▶ [Exercise instructions]:
Return, word for word, only the lines of the data below that lie between the line with "match l with" and the line with "fun x y t => p", those two lines included.

***** Data supplied

(* Use of the Euler-Poincar\'e (EP) theorem yields the following Kelvin circulation theorem \begin{align} \frac{d}{dt}\oint_{c(\mathbf{\widehat v})} \big( \mathbf{\widehat{v}}\cdot d\mathbf{r} + \sigma^2\widehat{w}\,d\zeta\big) = - \oint_{c(\mathbf{\widehat v})} \frac{1}{\rho}d{\widetilde p}\,. \end{align}
   Context: Setting: a 2D free surface model (composition of maps) in which the horizontal current is a flow map $\phi_t:\mathbb{R}^2\to\mathbb{R}^2$ with velocity $\mathbf{\widehat v}(\mathbf{r},t)$, and the wave is a vertical elevation $\zeta(\mathbf{r},t)$ carried by the current, with vertical velocity $\widehat{w} = \partial_t\zeta + \mathbf{\widehat{v}}\cdot\nabla_{\mathbf{r}}\zeta$. The dynamics follow from Hamilton's principle $0=\delta\int_a^b \ell\,dt$ with $\ell(\mathbf{\widehat{v}},\zeta,D,\rho)=\int_{\cal D}\Big( \tfrac{1}{2}\big( |\mathbf{\widehat{v}}|^2 + \sigma^2\widehat w^2 \big) - \tfrac{\rho_{ref}}{\rho} \tfrac{\zeta^2}{2Fr^2} \Big) D\rho - p(D-1)\,d^2r$, where $\sigma^2$ (squared aspect ratio) and $Fr^2$ (squared Froude number) are dimensionless constants, $\rho_{ref}$ is a constant reference density, the areal density $D\,d^2r$ and buoyancy $\rho$ are advected by $\mathbf{\widehat v}$ ($\partial_t D + \mathrm{div}(D\mathbf{\widehat v})=0$, $\partial_t\rho+\mathbf{\widehat v}\cdot\nabla\rho=0$), and the pressure $p$ is a Lagrange multiplier enforcing $D=1$, i.e. $\mathrm{div}\,\mathbf{\widehat v}=0$. Here $\widetilde p := p + \rho_{ref}\zeta^2/(2Fr^2)$, and $c(\mathbf{\widehat v})$ is a closed loop moving with the horizontal flow velocity $\mathbf{\widehat v}$. *)

From Stdlib Require Import Reals List.
From Coquelicot Require Import Coquelicot.
Open Scope R_scope.

(* A scalar field on space-time: (x, y, t) |-> f x y t, with (x,y) in R^2. *)
Definition field := R -> R -> R -> R.

Definition dx (f : field) : field := fun x y t => Derive (fun a => f a y t) x.
Definition dy (f : field) : field := fun x y t => Derive (fun b => f x b t) y.
Definition dt (f : field) : field := fun x y t => Derive (fun s => f x y s) t.

Definition pd (i : nat) (f : field) : field :=
  match i with 0%nat => dx f | 1%nat => dy f | _ => dt f end.

Definition ex_pd (i : nat) (f : field) (x y t : R) : Prop :=
  match i with
  | 0%nat => ex_derive (fun a => f a y t) x
  | 1%nat => ex_derive (fun b => f x b t) y
  | _ => ex_derive (fun s => f x y s) t
  end.

Fixpoint iter_pd (l : list nat) (f : field) : field :=
  match l with nil => f | i :: l' => pd i (iter_pd l' f) end.

Definition smooth3 (f : field) : Prop :=
  forall (l : list nat) (x y t : R),
    (forall i, ex_pd i (iter_pd l f) x y t) /\
    continuous (fun q : R * R * R => iter_pd l f (fst (fst q)) (snd (fst q)) (snd q)) (x, y, t).

Definition smooth1 (g : R -> R) : Prop := forall (n : nat) (s : R), ex_derive_n g n s.

Definition w_of (v1 v2 zeta : field) : field :=
  fun x y t => dt zeta x y t + v1 x y t * dx zeta x y t + v2 x y t * dy zeta x y t.

Definition ptilde (rhoref Fr2 : R) (p zeta : field) : field :=
  fun x y t => p x y t + rhoref * (zeta x y t) ^ 2 / (2 * Fr2).

(* Variational derivatives of
   l = int ( 1/2 (|v|^2 + sigma^2 w^2) - (rho_ref/rho) zeta^2/(2 Fr^2) ) D rho - p (D - 1). *)
(* delta l / delta v  (components) *)
Definition m1 (sigma2 : R) (v1 v2 zeta rho D : field) : field :=
  fun x y t => D x y t * rho x y t *
               (v1 x y t + sigma2 * w_of v1 v2 zeta x y t * dx zeta x y t).
Definition m2 (sigma2 : R) (v1 v2 zeta rho D : field) : field :=
  fun x y t => D x y t * rho x y t *
               (v2 x y t + sigma2 * w_of v1 v2 zeta x y t * dy zeta x y t).
Definition dl_dD (sigma2 rhoref Fr2 : R) (v1 v2 zeta rho p : field) : field :=
  fun x y t => / 2 * rho x y t * ((v1 x y t) ^ 2 + (v2 x y t) ^ 2
                                   + sigma2 * (w_of v1 v2 zeta x y t) ^ 2)
               - rhoref * (zeta x y t) ^ 2 / (2 * Fr2) - p x y t.
Definition dl_drho (sigma2 : R) (v1 v2 zeta D : field) : field :=
  fun x y t => D x y t * (/ 2 * ((v1 x y t) ^ 2 + (v2 x y t) ^ 2
                                   + sigma2 * (w_of v1 v2 zeta x y t) ^ 2)).

(* Euler-Poincare equations (with advected quantities D d^2r and rho) for this l:
   (d_t + L_v)(m . dr (x) d^2r) = D grad(dl/dD) - (dl/drho) grad rho,
   written in coordinates, together with the zeta Euler-Lagrange equation
   (delta l / delta zeta = 0), the advection laws and the constraint D = 1. *)
Definition EP_equations (sigma2 rhoref Fr2 : R) (v1 v2 zeta rho D p : field) : Prop :=
  let m1f := m1 sigma2 v1 v2 zeta rho D in
  let m2f := m2 sigma2 v1 v2 zeta rho D in
  let lD := dl_dD sigma2 rhoref Fr2 v1 v2 zeta rho p in
  let lr := dl_drho sigma2 v1 v2 zeta D in
  let w := w_of v1 v2 zeta in
  forall x y t,
    dt m1f x y t + dx (fun a b s => v1 a b s * m1f a b s) x y t
      + dy (fun a b s => v2 a b s * m1f a b s) x y t
      + m1f x y t * dx v1 x y t + m2f x y t * dx v2 x y t
    = D x y t * dx lD x y t - lr x y t * dx rho x y t
    /\
    dt m2f x y t + dx (fun a b s => v1 a b s * m2f a b s) x y t
      + dy (fun a b s => v2 a b s * m2f a b s) x y t
      + m1f x y t * dy v1 x y t + m2f x y t * dy v2 x y t
    = D x y t * dy lD x y t - lr x y t * dy rho x y t
    /\
    (* delta l / delta zeta = 0 *)
    sigma2 * D x y t * rho x y t
      * (dt w x y t + v1 x y t * dx w x y t + v2 x y t * dy w x y t)
    = - rhoref * D x y t * zeta x y t / Fr2
    /\
    (* advection of the areal density D d^2r *)
    dt D x y t + dx (fun a b s => D a b s * v1 a b s) x y t
      + dy (fun a b s => D a b s * v2 a b s) x y t = 0
    /\
    dt rho x y t + v1 x y t * dx rho x y t + v2 x y t * dy rho x y t = 0
    /\
    (* constraint enforced by the pressure multiplier *)
    D x y t = 1.

Definition is_flow (v1 v2 phi1 phi2 : field) : Prop :=
  forall X Y t,
    phi1 X Y 0 = X /\ phi2 X Y 0 = Y /\
    is_derive (fun s => phi1 X Y s) t (v1 (phi1 X Y t) (phi2 X Y t) t) /\
    is_derive (fun s => phi2 X Y s) t (v2 (phi1 X Y t) (phi2 X Y t) t).

Definition loop1 (phi1 : field) (c01 c02 : R -> R) (t s : R) : R := phi1 (c01 s) (c02 s) t.
Definition loop2 (phi2 : field) (c01 c02 : R -> R) (t s : R) : R := phi2 (c01 s) (c02 s) t.

Definition circulation (sigma2 : R) (v1 v2 zeta phi1 phi2 : field) (c01 c02 : R -> R)
  (t : R) : R :=
  RInt (fun s =>
          let X := loop1 phi1 c01 c02 t s in
          let Y := loop2 phi2 c01 c02 t s in
          v1 X Y t * Derive (fun r => loop1 phi1 c01 c02 t r) s
          + v2 X Y t * Derive (fun r => loop2 phi2 c01 c02 t r) s
          + sigma2 * w_of v1 v2 zeta X Y t
              * Derive (fun r => zeta (loop1 phi1 c01 c02 t r) (loop2 phi2 c01 c02 t r) t) s)
       0 1.

Definition loop_int_inv_rho_d (rho q phi1 phi2 : field) (c01 c02 : R -> R) (t : R) : R :=
  RInt (fun s =>
          / rho (loop1 phi1 c01 c02 t s) (loop2 phi2 c01 c02 t s) t
          * Derive (fun r => q (loop1 phi1 c01 c02 t r) (loop2 phi2 c01 c02 t r) t) s)
       0 1.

**********

▶ [Result of the task]:
  match l with nil => f | i :: l' => pd i (iter_pd l' f) end.

Definition smooth3 (f : field) : Prop :=
  forall (l : list nat) (x y t : R),
    (forall i, ex_pd i (iter_pd l f) x y t) /\
    continuous (fun q : R * R * R => iter_pd l f (fst (fst q)) (snd (fst q)) (snd q)) (x, y, t).

Definition smooth1 (g : R -> R) : Prop := forall (n : nat) (s : R), ex_derive_n g n s.

Definition w_of (v1 v2 zeta : field) : field :=
  fun x y t => dt zeta x y t + v1 x y t * dx zeta x y t + v2 x y t * dy zeta x y t.

Definition ptilde (rhoref Fr2 : R) (p zeta : field) : field :=
  fun x y t => p x y t + rhoref * (zeta x y t) ^ 2 / (2 * Fr2).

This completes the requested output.